Two months after, Buhari still works from home
• No law is breached, presidency insists
• ‘Cabal has captured Aso Rock’
• Nigeria needs a younger leader in 2019, says speaker at Chatham House
Two months after he returned from his medical sojourn in London, United Kingdom (UK) for an undisclosed ailment, President Muhammadu Buhari still operates from his official residence located in the Presidential Villa, Abuja.
The president had, two days after returning from the medical vacation which spanned 103 days, written to the National Assembly, in line with constitutional provisions, intimating the parliament of his return to the country and resumption of office in the Presidential Villa, Abuja.
The letter dated August 21, 2017 stated in part: “In compliance with Section 145 of the 1999 Constitution (as amended), I write to intimate that I have resumed my functions as the President of the Federal Republic of Nigeria with effect from Monday, 21st August, 2017, after my medical follow-up in the United Kingdom.”
But barely settling down to take charge of activities of state, news broke that the president would temporarily operate from his official residence located in the villa due to the renovation of his main office. A presidency source had told The Guardian that construction giant, Julius Berger, had already begun the renovation.
Also confirming the development, Personal Assistant to the President on New Media, Bashir Ahmad, explained through his twitter handle@BashirAhmaad why Buhari was working from home. “Some renovations are ongoing at the office. He’ll be back to the main office after the work,” he twitted.
It was learnt that the renovation was a result of the damage rodents had caused after they invaded Buhari’s office.
A foreign news agency quoted the Senior Special Assistant on Media and Publicity, Garba Shehu, as saying that while President Buhari was away on the medical follow-up, rats had a field day with the furniture, cables and air-conditioning units in his office.
“He has been using the residential office. What is important is that the job gets done. Whether he does it from his bedroom or his sitting room or his anteroom, it does not matter. Let the job be done. And the job will be done,” he said.
However, two months after, the president still shuttles between the office in his official residence and the new banquet hall located beside the main office, where he occasionally receives visitors.
How long the renovation would last has not been disclosed by the presidency.
A text message sent to the two presidential spokesmen, Femi Adesina and Garba Shehu, for the presidency’s reaction to the matter was not immediately responded to. “Good evening sir. In August, we were told the president would be operating from his official residence due to renovation being done in his office by Julius Berger. The Guardian would appreciate a confirmation of when the president will start to work from his main office. Thank you sir. Regards,” The Guardian wrote in the text message.

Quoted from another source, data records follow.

Lemma integrable_X j : P.-integrable setT (EFin \o X j).
Proof.
apply: (le_integrable measurableT _ _ (integrableD measurableT
   (finite_measure_integrable_cst P 1 measurableT) (X_sqr_integrable j))).
  exact/measurable_EFinP.
move=> t _ /=; rewrite lee_fin [leRHS]ger0_norm ?addr_ge0 ?sqr_ge0//.
rewrite -real_normK ?num_real//; have := normr_ge0 (X j t).
set y := `|X j t| => y_ge0; have := sqr_ge0 (y - 1); nra.
Qed.

Lemma integrable_affine_bound (f : T -> R) (C : R) (K : 'I_n -> R) :
  measurable_fun setT f ->
  (forall t, `|f t| <= C + \sum_(j < n) K j * `|X j t|) ->
  P.-integrable setT (EFin \o f).
Proof.
move=> mf f_le; pose g t := (C + \sum_(j < n) K j * `|X j t|)%:E.
have ig : P.-integrable setT g.
  have -> : g = fun t => ((cst C t)%:E + \sum_(j < n) (K j)%:E * `|(X j t)%:E|)%E.
    by apply/funext => t; rewrite /g EFinD -sumEFin; congr (_ + _)%E.
  apply: (integrableD measurableT); first exact: finite_measure_integrable_cst.
  apply: (integrable_sum measurableT) => j _; apply: (integrableZl measurableT).
  exact: integrable_abse (integrable_X j).
apply: (le_integrable measurableT _ _ ig); first exact/measurable_EFinP.
by move=> t _; rewrite /g !abse_EFin lee_fin (le_trans (f_le t)) ?ler_norm.
Qed.

Lemma measurable_adv_margin u z eps : measurable_fun setT (adv_margin u z eps).
Proof.
apply: measurable_funB; first exact: measurable_cst.
apply: measurable_funM => //; apply: measurable_sum => j.
apply: measurable_funM; first exact: measurable_cst.
apply: measurable_funB => //; apply: measurable_funM; last exact: measurable_cst.
by apply: measurable_funM => //; exact: measurable_cst.
Qed.

Lemma adv_margin_bound u z eps t : 0 <= eps -> `|adv_margin u z eps t| <=
  (1 + eps * \sum_(j < n) `|z 0 j|) + \sum_(j < n) `|z 0 j| * `|X j t|.
Proof.
move=> eps_ge0; rewrite /adv_margin.
apply: (le_trans (ler_normB _ _)); rewrite normr1 normrM normY mul1r -addrA lerD2l.
apply: (le_trans (ler_norm_sum _ _ _)).
rewrite mulr_sumr -big_split /=; apply: ler_sum => j _.
rewrite normrM (mulrC eps) -mulrDr; apply: ler_wpM2l => //.
apply: (le_trans (ler_normB _ _)); rewrite addrC lerD2r !normrM normY mul1r ger0_norm//.
by rewrite ler_piMr// normr_sg; case: (_ == 0).
Qed.

Lemma measurable_adv_margin_gt0 u z eps :
  measurable [set t | 0 < adv_margin u z eps t].
Proof.
have := measurable_adv_margin u z eps measurableT (measurable_itv `]0, +oo[).
by rewrite setTI; congr measurable; apply/seteqP; split => t /=; rewrite in_itv/= andbT.
Qed.

Lemma integrable_hinge_adv_margin u z eps : 0 <= eps ->
  P.-integrable setT (fun t => (hinge (adv_margin u z eps t))%:E).
Proof.
move=> eps_ge0; apply: integrable_affine_bound.
  by apply: measurable_maxr; [exact: measurable_cst|exact: measurable_adv_margin].
move=> t; apply: le_trans (adv_margin_bound u z t eps_ge0).
by rewrite /hinge; case: (lerP 0 (adv_margin u z eps t)) => [|_]; rewrite ?normr0.
Qed.

Variable mu : 'I_n -> R.
Hypothesis cond_mean : forall i (c : R), (c = 1 \/ c = -1) ->
  (\int[P]_(t in Yeq Y c) (X i t)%:E = (c * mu i)%:E * P (Yeq Y c))%E.
Hypothesis cond_indep : forall (c : R) (B : 'I_n -> set R), (c = 1 \/ c = -1) ->
  (0 < P (Yeq Y c))%E -> (forall i, measurable (B i)) ->
  condP P Y c (\bigcap_(i in [set: 'I_n]) (X i @^-1` B i))
  = \prod_(i < n) condP P Y c (X i @^-1` B i).

Lemma integrable_nonrobust_gain (eps : R) i (s : R) :
  0 <= eps -> (s = 1 \/ s = -1) -> P.-integrable setT (fun t => (eps - s * Y t * X i t)%:E).
Proof.
move=> eps_ge0 s1; apply: (integrable_affine_bound (C := eps) (K := fun j => (j == i)%:R)).
  apply: measurable_funB; first exact: measurable_cst.
  by apply: measurable_funM => //; apply: measurable_funM => //; exact: measurable_cst.
move=> t; rewrite (bigD1 i)//= eqxx mul1r big1 ?addr0; last first.
  by move=> j /negbTE ->; rewrite mul0r.
rewrite (le_trans (ler_normB _ _))// ger0_norm// lerD2l !normrM normY mulr1.
by case: s1 => ->; rewrite ?normrN normr1 mul1r.
Qed.

Lemma cond_nonrobust_gain_ge0 (u z : 'rV[R]_n) (eps : R) i (c s : R) :
  (c = 1 \/ c = -1) -> (s = 1 \/ s = -1) -> z 0 i = 0 -> `|mu i| <= eps ->
  (0 <= \int[P]_(t in Yeq Y c `&` [set t | (0 < adv_margin u z eps t)%R])
          (eps - s * Y t * X i t)%:E)%E.
Proof.
move=> c1 s1 zi0 mu_le.
pose A := [set t | 0 < 1 - c * \sum_(j < n) z 0 j * (X j t - c * eps * Num.sg (u 0 j))].
have sA : <<s cylinder_off X i >> A.
  have mV : measurable [set x : R | 0 < 1 - c * x].
    have := measurable_funB (measurable_cst (1 : R))
      (measurable_funM (measurable_cst c) (@measurable_id _ R setT))
      measurableT (measurable_itv `]0, +oo[).
    by rewrite setTI; congr measurable; apply/seteqP; split => x /=; rewrite in_itv/= andbT.
  exact: (sigma_cylinder_off_preimage (X := X) (fun j => c * eps * Num.sg (u 0 j))
    zi0 mV).
have mYA : measurable (Yeq Y c `&` A).
  exact: measurableI (measurable_Yeq mY c) (sigma_cylinder_off_measurable mX sA).
have -> : Yeq Y c `&` [set t | 0 < adv_margin u z eps t] = Yeq Y c `&` A.
  by apply/seteqP; split => t /= [Yt ht]; split => //; move: ht; rewrite /adv_margin Yt.
rewrite (eq_integral (fun t => eps%:E - (s * c)%:E * (X i t)%:E)%E); last first.
  by move=> t; rewrite inE => -[Yt _]; rewrite Yt -EFinM -EFinB.
have intXA : P.-integrable (Yeq Y c `&` A) (EFin \o X i).
  exact: integrableS measurableT mYA (subsetT _) (integrable_X i).
rewrite integralB//; last 2 first.
- exact: finite_measure_integrable_cst.
- exact: integrableZl.
rewrite integralZl// (cond_integral_sigma mX mY cond_indep c1 _ (cond_mean i c1) sA);
  last first.
  exact: integrableS measurableT (measurable_Yeq mY c) (subsetT _) (integrable_X i).
rewrite integral_cst// muleA -EFinM -muleBl ?fin_num_measure//.
rewrite -EFinB mule_ge0 ?measure_ge0// lee_fin.
have -> : s * c * (c * mu i) = s * mu i * (c * c) by ring.
have -> : c * c = 1 by case: c1 => ->; ring.
rewrite mulr1 subr_ge0 (le_trans _ mu_le)//.
by case: s1 => ->; rewrite ?mul1r ?mulN1r ler_normr lexx ?orbT.
Qed.

Lemma nonrobust_gain_ge0 (u z : 'rV[R]_n) (eps : R) i (s : R) : (s = 1 \/ s = -1) ->
  z 0 i = 0 -> `|mu i| <= eps ->
  (0 <= \int[P]_(t in [set t | (0 < adv_margin u z eps t)%R])
          (eps - s * Y t * X i t)%:E)%E.
Proof.
move=> s1 zi0 mu_le; set A := [set t | _]; have mA := measurable_adv_margin_gt0 u z eps.
have -> : A = (Yeq Y 1 `&` A) `|` (Yeq Y (-1) `&` A).
  apply/seteqP; split => [t At|t [] []//].
  by case: (Y_pm1 t) => Yt; [left|right].
have eps_ge0 : 0 <= eps := le_trans (normr_ge0 _) mu_le.
rewrite integral_setU.
- by apply: adde_ge0; apply: cond_nonrobust_gain_ge0 => //; [left|right].
- exact: measurableI (measurable_Yeq mY 1) mA.
- exact: measurableI (measurable_Yeq mY (-1)) mA.
- exact/measurable_funTS/measurable_int/(integrable_nonrobust_gain i eps_ge0 s1).
- rewrite disj_set2E; apply/eqP/seteqP; split => t //= [[Yt _] [Yt' _]].
  by move: Yt'; rewrite /Yeq /= Yt; lra.
Qed.

Lemma adv_margin_row_erase (u v : 'rV[R]_n) (eps : R) i t : u 0 i != 0 ->
  adv_margin u v eps t = adv_margin u (row_erase i v) eps t
    + Num.sg (u 0 i) * v 0 i * (eps - Num.sg (u 0 i) * Y t * X i t).
Proof.
move=> ui0; rewrite /adv_margin.
rewrite (sum_row_erase (i := i) v
  (F := fun j x => x * (X j t - Y t * eps * Num.sg (u 0 j)))) ?mul0r//=.
by case: (Y_pm1 t) => ->; case: (sgr_pm1 ui0) => ->; ring.
Qed.

Lemma hinge_risk_row_erase (u v : 'rV[R]_n) (eps : R) i : 0 <= eps -> u 0 i != 0 ->
  (\int[P]_t (hinge (adv_margin u (row_erase i v) eps t))%:E
   + (Num.sg (u 0 i) * v 0 i)%:E
     * \int[P]_(t in [set t | (0 < adv_margin u (row_erase i v) eps t)%R])
         (eps - Num.sg (u 0 i) * Y t * X i t)%:E
   <= \int[P]_t (hinge (adv_margin u v eps t))%:E)%E.
Proof.
move=> eps_ge0 ui0; set v' := row_erase i v; set s := Num.sg (u 0 i).
set A := [set t | _]; have mA : measurable A := measurable_adv_margin_gt0 u v' eps.
have iZ := integrable_nonrobust_gain i eps_ge0 (sgr_pm1 ui0).
have iZA : P.-integrable setT ((fun t => (eps - s * Y t * X i t)%:E) \_ A).
  by apply/(integrable_mkcond _ mA); exact: integrableS measurableT mA (subsetT _) iZ.
rewrite (integral_mkcond A) -integralZl// -integralD//;
  [|exact: integrable_hinge_adv_margin|exact: integrableZl].
apply: le_integral => //.
- by apply: integrableD => //; [exact: integrable_hinge_adv_margin|exact: integrableZl].
- exact: integrable_hinge_adv_margin.
move=> t _; rewrite (adv_margin_row_erase v eps t ui0) -/v' -/s patchE.
have := hinge_addr_ge (adv_margin u v' eps t) (s * v 0 i * (eps - s * Y t * X i t)).
have [L_gt0|L_le0] := boolP (0 < adv_margin u v' eps t).
- by rewrite mem_set//= -EFinM -EFinD lee_fin.
- by rewrite memNset ?mule0 ?adde0 ?addr0 ?lee_fin//; exact/negP.
Qed.

Lemma AT_minimizer_sign (lam eps : R) (u v : 'rV[R]_n) i :
  0 < lam -> 0 < eps -> `|mu i| <= eps -> u 0 i != 0 ->
  (forall z, U P X Y lam (AT_delta eps u) v <= U P X Y lam (AT_delta eps u) z)%E ->
  Num.sg (u 0 i) * v 0 i <= 0.
Proof.
move=> lam_gt0 eps_gt0 mu_le ui0 v_min; rewrite leNgt; apply/negP => a_gt0.
have vi_sqr_gt0 : 0 < v 0 i ^+ 2.
  by rewrite exprn_even_gt0//; apply: contraTneq a_gt0 => ->; rewrite mulr0 ltxx.
have fin_hinge z : (\int[P]_t (hinge (adv_margin u z eps t))%:E)%E \is a fin_num.
  exact: integrable_fin_num (integrable_hinge_adv_margin u z (ltW eps_gt0)).
set A := [set t | (0 < adv_margin u (row_erase i v) eps t)%R].
have mA : measurable A := measurable_adv_margin_gt0 u (row_erase i v) eps.
have fin_gain :
    (\int[P]_(t in A) (eps - Num.sg (u 0 i) * Y t * X i t)%:E)%E \is a fin_num.
  apply: (integrable_fin_num mA); apply: (integrableS measurableT mA (subsetT _)).
  exact: integrable_nonrobust_gain (ltW eps_gt0) (sgr_pm1 ui0).
have := v_min (row_erase i v); rewrite !U_adv_margin.
rewrite (sum_row_erase (i := i) (F := fun _ x => x ^+ 2) v) ?expr0n//=.
have := hinge_risk_row_erase v (ltW eps_gt0) ui0.
have := @nonrobust_gain_ge0 u (row_erase i v) eps i _ (sgr_pm1 ui0) (row_erase_id i v) mu_le.
rewrite -/A -(fineK (fin_hinge v)) -(fineK (fin_hinge (row_erase i v))) -(fineK fin_gain).
rewrite -!EFinM -!EFinD !lee_fin.
have : 0 < lam / 2 * v 0 i ^+ 2 by rewrite mulr_gt0// divr_gt0.
nra.
Qed.

End adversarial_training_step.

Theorem mainTheorem8 (R : realType) (d : measure_display) (T : measurableType d)
  (P : probability T R) (n : nat) (X : 'I_n -> T -> R) (Y : T -> R)
  (mu : 'I_n -> R) (lam eps : R) (w : nat -> 'rV[R]_n) :
  SLAR P X Y mu -> 0 < lam -> 0 < eps ->
  is_AT_sequence P X Y lam eps w ->
  forall i : 'I_n, `|mu i| <= eps ->
  forall t : nat, (0 < t)%N ->
    (0 < w t 0 i -> w t.+1 0 i <= 0) /\ (w t 0 i < 0 -> 0 <= w t.+1 0 i).
Proof.
move=> [[mX mY] Y_pm1 X_sqr cond_mean cond_indep] lam_gt0 eps_gt0 w_AT i mu_le t _.
have w_min z : (U P X Y lam (AT_delta eps (w t)) (w t.+1) <=
                U P X Y lam (AT_delta eps (w t)) z)%E by exact: w_AT.
have sign_le0 := AT_minimizer_sign mX mY Y_pm1 X_sqr cond_mean cond_indep
  lam_gt0 eps_gt0 mu_le _ w_min.
split=> [wti_gt0|wti_lt0].
- by have := sign_le0 (lt0r_neq0 wti_gt0); rewrite gtr0_sg// mul1r.
- by have := sign_le0 (ltr0_neq0 wti_lt0); rewrite ltr0_sg// mulN1r oppr_le0.
Qed.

But later in the night Shehu, responded this way: “No section of the law or constitution is breached. The entire presidential complex is both office and home to the president. He is right to use any part as his office so long as the job gets done.”
Meanwhile, the battle for the country’s topmost job in 2019, assumed a different narrative at the Chatham House – Royal Institute of International Affairs – yesterday afternoon during the third series of the six-part “Next Generation Nigeria” initiative of the world renowned institute.
At the event, the guest speaker, Samson Itodo, indirectly threw a spanner in the wheel of those campaigning for President Buhari to seek a second term on the platform of his party, the All Progressives Congress (APC) in 2019.
Itodo, who is the Head of Research, Policy and Advocacy, Youth Initiative for Advocacy, Growth and Advancement (YIAGA) in Abuja, advised that the president should not bother throwing his hat in the ring again by reason of his age and health, for which he famously had two medical vacations of more than 100 days in London between March and August this year.
“The type of leadership we have in the country today is not the type we need if we want to move from being a developing nation to a developed nation,” he said, fielding questions from the audience.
Condemning the inertia that trailed the early part of the Buhari administration, Itodo added that the president was probably not ready for office after being sworn in on May 29, 2015. He argued that Nigeria did “not need a president who did not constitute his cabinet in six months” to come back for another term in 2019.
According to him, while Buhari may have good intentions for the country, there is a cabal running the presidency against his wishes. “Aso Rock is captured, and the cabal is having a field day. And though the president means well for the country, he has his health challenges, and the circumstances around him mean we need a younger president in 2019.”
Itodo, who spoke on “Next Generation Nigeria: Youth, Opportunity and Governance for the Future”, also said that the country was not ready for the next general elections. “We are not ready for 2019 because many electoral commission boards are not properly constituted.”
He called for young people to show more interest in politics and for them to be given opportunities. “Democracy is about inclusion, especially for the youths and women. Restructuring will make no sense to the youths of Nigeria if it does not put people at the centre of governance, especially young people,” he said.
The Chatham House Next Generation Nigeria will feature three more speakers, having already hosted Kaduna State Governor, Mallam Nasir El-Rufai and the President General of Ohanaeze Ndigbo, John Nwodo in the opening two rounds of the six-part series.